Tuesday, May 19, 2009

The high cost of caregiving

An article in the Orange County Register last week caught my attention. The headline blared, “Caregiving costs Americans millions.”

This isn’t ground-breaking news; we know that caregiving has a significant cost to businesses, and anyone who has left a job to become a family caregiver knows the high personal cost, too.

The issue today is that more and more of us are facing the need to become caregivers. As we baby boomers begin aging we face the challenge on a scale larger than anything seen in history: a caregiving need that will cost us, personally and socially, millions of dollars.

Of course, the tough economy isn’t helping matters. Where we might have, at one time, simply contributed to the cost of hiring more caregiving help, today we’re giving a job to a nephew (untrained and inexperienced) because he needs the work. We’re taking on the task of caregiving ourselves, after becoming down-sized or RIFed.

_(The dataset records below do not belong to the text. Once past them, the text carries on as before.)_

(* Let $\Omega$ be a distribution of $\Sigma$, $\mathsf{Obs}$ an observation function over $\Sigma$ with $\Omega\models\mathsf{Obs}$, and $(\sigma,b)\in\Sigma^\star\times\{+,-\}$ with $\sigma\notin\mathsf{Dom}(\mathsf{Obs})$ such that, with $\mathsf{Obs}'=\mathsf{Obs}\cup\{(\sigma,b)\}$, $\Omega\not\models\mathsf{Obs}'$. Then $\mathit{CED}(\Omega,\mathsf{Obs}')\ne\emptyset$, and every $(\sigma_N,P)\in\mathit{CED}(\Omega,\mathsf{Obs}')$ has the following form: - if $b=-$: $\sigma_N=\sigma$ and $P(\Sigma_i)\in\mathsf{Dom}(\mathsf{Obs})$ for all $\Sigma_i\in\Omega$; - if $b=+$: $\sigma_N\in\mathsf{Dom}(\mathsf{Obs})$, and with $S=\{\Sigma_i\in\Omega\mid P(\Sigma_i)=\sigma\}$ we have $S\ne\emptyset$ and $P(\Sigma_i)\in\mathsf{Dom}(\mathsf{Obs})$ for all $\Sigma_i\in\Omega\setminus S$.
   Context: $\sigma|_{\Sigma'}$ is the projection of a word onto $\Sigma'$. A distribution of $\Sigma$ is a finite set of subsets of $\Sigma$ with union $\Sigma$. An observation function is a partial map $\mathsf{Obs}:\Sigma^\star\rightharpoonup\{+,-\}$ with finite domain, identified with its set of pairs $(\sigma,\mathsf{Obs}(\sigma))$. $\Omega\models\mathsf{Obs}$ means there exist $\mathcal L_{\Sigma_i}\subseteq\Sigma_i^\star$ ($\Sigma_i\in\Omega$) such that $\mathcal L=\{w\mid\forall\Sigma_i\in\Omega.\ w|_{\Sigma_i}\in\mathcal L_{\Sigma_i}\}$ satisfies $\sigma\in\mathcal L\iff\mathsf{Obs}(\sigma)=+$ for all $\sigma\in\mathsf{Dom}(\mathsf{Obs})$. A counter-example to $\Omega\models\mathsf{Obs}$ is a pair $(\sigma_N,P)$ with $\sigma_N\in\mathsf{Dom}(\mathsf{Obs})$, $\mathsf{Obs}(\sigma_N)=-$, and $P:\Omega\to\mathsf{Dom}(\mathsf{Obs})$ with $\mathsf{Obs}(P(\Sigma_i))=+$ and $\sigma_N|_{\Sigma_i}=P(\Sigma_i)|_{\Sigma_i}$ for all $\Sigma_i\in\Omega$; $\mathit{CED}(\Omega,\mathsf{Obs})$ is the set of these. *)

From mathcomp Require Import all_boot finmap.
Set Implicit Arguments. Unset Strict Implicit. Unset Printing Implicit Defensive.
Local Open Scope fmap_scope.

(* Alphabet Sigma : finType; words are seq Sigma.
   Observations: bool with true = '+', false = '-'. *)

Definition proj (Sigma : finType) (S : {set Sigma}) (w : seq Sigma) : seq Sigma :=
  [seq a <- w | a \in S].

Definition distribution (Sigma : finType) (Om : {set {set Sigma}}) : Prop :=
  \bigcup_(S in Om) S = [set: Sigma].

Definition obsfun (Sigma : finType) := {fmap seq Sigma -> bool}.

Definition dlang (Sigma : finType) (Om : {set {set Sigma}})
  (L : {set Sigma} -> seq Sigma -> Prop) (w : seq Sigma) : Prop :=
  forall Si, Si \in Om -> L Si (proj Si w).

Definition models (Sigma : finType) (Om : {set {set Sigma}}) (Obs : obsfun Sigma) : Prop :=
  exists L : {set Sigma} -> seq Sigma -> Prop,
    (forall Si w, L Si w -> all (fun a => a \in Si) w) /\
    forall s (hs : s \in domf Obs), dlang Om L s <-> Obs.[hs] = true.

(* (sN, P) is a counter-example to Om |= Obs, i.e. (sN,P) \in CED(Om,Obs).
   P : Om -> Dom(Obs) is represented by a total function whose values
   outside Om are irrelevant. *)
Definition is_CE (Sigma : finType) (Om : {set {set Sigma}}) (Obs : obsfun Sigma)
  (sN : seq Sigma) (P : {set Sigma} -> seq Sigma) : Prop :=
  Obs.[? sN] = Some false /\
  forall Si, Si \in Om ->
    Obs.[? P Si] = Some true /\ proj Si sN = proj Si (P Si).

From mathcomp Require Import all_boot finmap.
From Stdlib Require Import Classical_Prop.
Set Implicit Arguments.
Unset Strict Implicit.
Unset Printing Implicit Defensive.
Local Open Scope fmap_scope.

(* The projections of the positive observations are the least local languages
   accepting all positive observations, so [Om |= Obs] fails exactly when some
   negative observation lies in the distributed language they define; the
   projection witnesses then form a counter-example.  Extending a consistent
   [Obs] by the fresh pair [(s, b)] can only create counter-examples that use
   the new pair: as the negative word when [b = -], and as at least one
   positive witness when [b = +]. *)

Lemma fnd_Some_dom (K : choiceType) (V : Type) (f : {fmap K -> V}) k v :
  f.[? k] = Some v -> k \in domf f.
Proof. by move=> fk; rewrite -fndSome fk. Qed.

Section CounterExamples.

Variables (Sigma : finType) (Om : {set {set Sigma}}).
Implicit Types (Obs : obsfun Sigma) (s sN : seq Sigma).

Lemma models_fndE Obs L :
  (forall s (hs : s \in domf Obs), dlang Om L s <-> Obs.[hs] = true) <->
  (forall s, s \in domf Obs -> (dlang Om L s <-> Obs.[? s] = Some true)).
Proof.
split=> HL s hs; have := HL s hs; rewrite in_fnd.
  by move=> ->; split=> [->|[]].
by move=> ->; split=> [[]|->].
Qed.

Lemma is_CE_not_models Obs sN P : is_CE Om Obs sN P -> ~ models Om Obs.
Proof.
move=> [HN HP] [L [_ /models_fndE HL]].
have dlang_sN : dlang Om L sN.
  move=> Si hSi; have [PSi_pos ->] := HP Si hSi.
  exact: (proj2 (HL _ (fnd_Some_dom PSi_pos)) PSi_pos Si hSi).
by move: (proj1 (HL _ (fnd_Some_dom HN)) dlang_sN); rewrite HN.
Qed.

Definition positive_proj Obs (Si : {set Sigma}) (w : seq Sigma) : Prop :=
  exists2 k, Obs.[? k] = Some true & w = proj Si k.

Lemma models_positive_proj Obs :
  (forall s, Obs.[? s] = Some false -> ~ dlang Om (positive_proj Obs) s) ->
  models Om Obs.
Proof.
move=> no_neg; exists (positive_proj Obs); split.
  by move=> Si w [k _ ->]; apply: filter_all.
apply/models_fndE => s hs; split; last by move=> s_pos Si _; exists s.
move=> dlang_s; move: (no_neg s) dlang_s; rewrite in_fnd.
by case: Obs.[hs] => // /(_ erefl).
Qed.

Lemma positive_proj_CE Obs s :
  Obs.[? s] = Some false -> dlang Om (positive_proj Obs) s ->
  exists P, is_CE Om Obs s P.
Proof.
move=> s_neg dlang_s.
pose witness Si k := (Obs.[? k] == Some true) && (proj Si s == proj Si k).
pose ks : seq (seq Sigma) := domf Obs.
exists (fun Si => nth [::] ks (find (witness Si) ks)); split=> // Si hSi.
have : has (witness Si) ks.
  have [k k_pos sk] := dlang_s Si hSi; apply/hasP; exists k.
    exact: fnd_Some_dom k_pos.
  by rewrite /witness k_pos sk !eqxx.
by move/(nth_find [::]) => /andP[/eqP -> /eqP ->].
Qed.

Lemma not_models_CE Obs :
  ~ models Om Obs -> exists sN P, is_CE Om Obs sN P.
Proof.
move=> not_models; apply: NNPP => no_CE; apply/not_models/models_positive_proj.
by move=> s s_neg dlang_s; apply: no_CE; exists s; apply: positive_proj_CE.
Qed.

Lemma is_CE_setf Obs s b sN P :
  is_CE Om Obs.[s <- b] sN P -> sN != s -> {in Om, forall Si, P Si != s} ->
  is_CE Om Obs sN P.
Proof.
move=> [HN HP] sN_s P_s; split; first by rewrite fnd_set (negbTE sN_s) in HN.
move=> Si hSi; have [PSi_pos ->] := HP Si hSi.
by rewrite fnd_set (negbTE (P_s Si hSi)) in PSi_pos.
Qed.

Lemma is_CE_setf_uses_new Obs s b sN P :
  models Om Obs -> is_CE Om Obs.[s <- b] sN P ->
  sN = s \/ exists2 Si, Si \in Om & P Si = s.
Proof.
move=> Obs_models CE; case: (eqVneq sN s) => [|sN_s]; [by left | right].
case: (boolP [exists Si in Om, P Si == s]) => [/exists_inP[Si hSi /eqP]|].
  by exists Si.
by move/exists_inPn/(is_CE_setf CE sN_s)/is_CE_not_models/(_ Obs_models).
Qed.

End CounterExamples.

Theorem mainTheorem14 (Sigma : finType) (Om : {set {set Sigma}})
  (Obs : obsfun Sigma) (s : seq Sigma) (b : bool) :
  distribution Om ->
  models Om Obs ->
  s \notin domf Obs ->
  ~ models Om Obs.[s <- b] ->
  (exists sN P, is_CE Om Obs.[s <- b] sN P) /\
  (forall sN P, is_CE Om Obs.[s <- b] sN P ->
     if b then
       sN \in domf Obs /\
       (exists2 Si, Si \in Om & P Si = s) /\
       (forall Si, Si \in Om -> P Si != s -> P Si \in domf Obs)
     else
       sN = s /\ (forall Si, Si \in Om -> P Si \in domf Obs)).
Proof.
move=> _ Obs_models _ not_models'; split; first exact: not_models_CE.
move=> sN P CE; have CE_uses_s := is_CE_setf_uses_new Obs_models CE.
case: CE => HN HP.
have P_pos Si : Si \in Om -> P Si != s -> Obs.[? P Si] = Some true.
  by move=> hSi PSi_s; have [] := HP Si hSi; rewrite fnd_set (negbTE PSi_s).
case: b {not_models'} HN HP P_pos => HN HP P_pos.
- rewrite fnd_set in HN; case: eqP HN => // sN_s HN.
  split; first exact: fnd_Some_dom HN.
  split; last by move=> Si hSi PSi_s; exact: fnd_Some_dom (P_pos Si hSi PSi_s).
  by case: CE_uses_s.
- have P_s Si : Si \in Om -> P Si != s.
    by move=> hSi; have [] := HP Si hSi; rewrite fnd_set; case: eqP.
  have sN_s : sN = s by case: CE_uses_s => // -[Si /P_s/eqP].
  split=> // Si hSi; exact: fnd_Some_dom (P_pos Si hSi (P_s Si hSi)).
Qed.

According to the story, “43 percent of caregivers have taken a pay cut or have been forced to work fewer hours as a result of the recession.” The story goes on to point out that as we live longer, nearly all of us can expect to spend at least a few years as caregiver to a parent or spouse.

And as we start to face these situations personally, we may, as a society, start to take steps to improve the awareness of the very real cost, both measurable and not.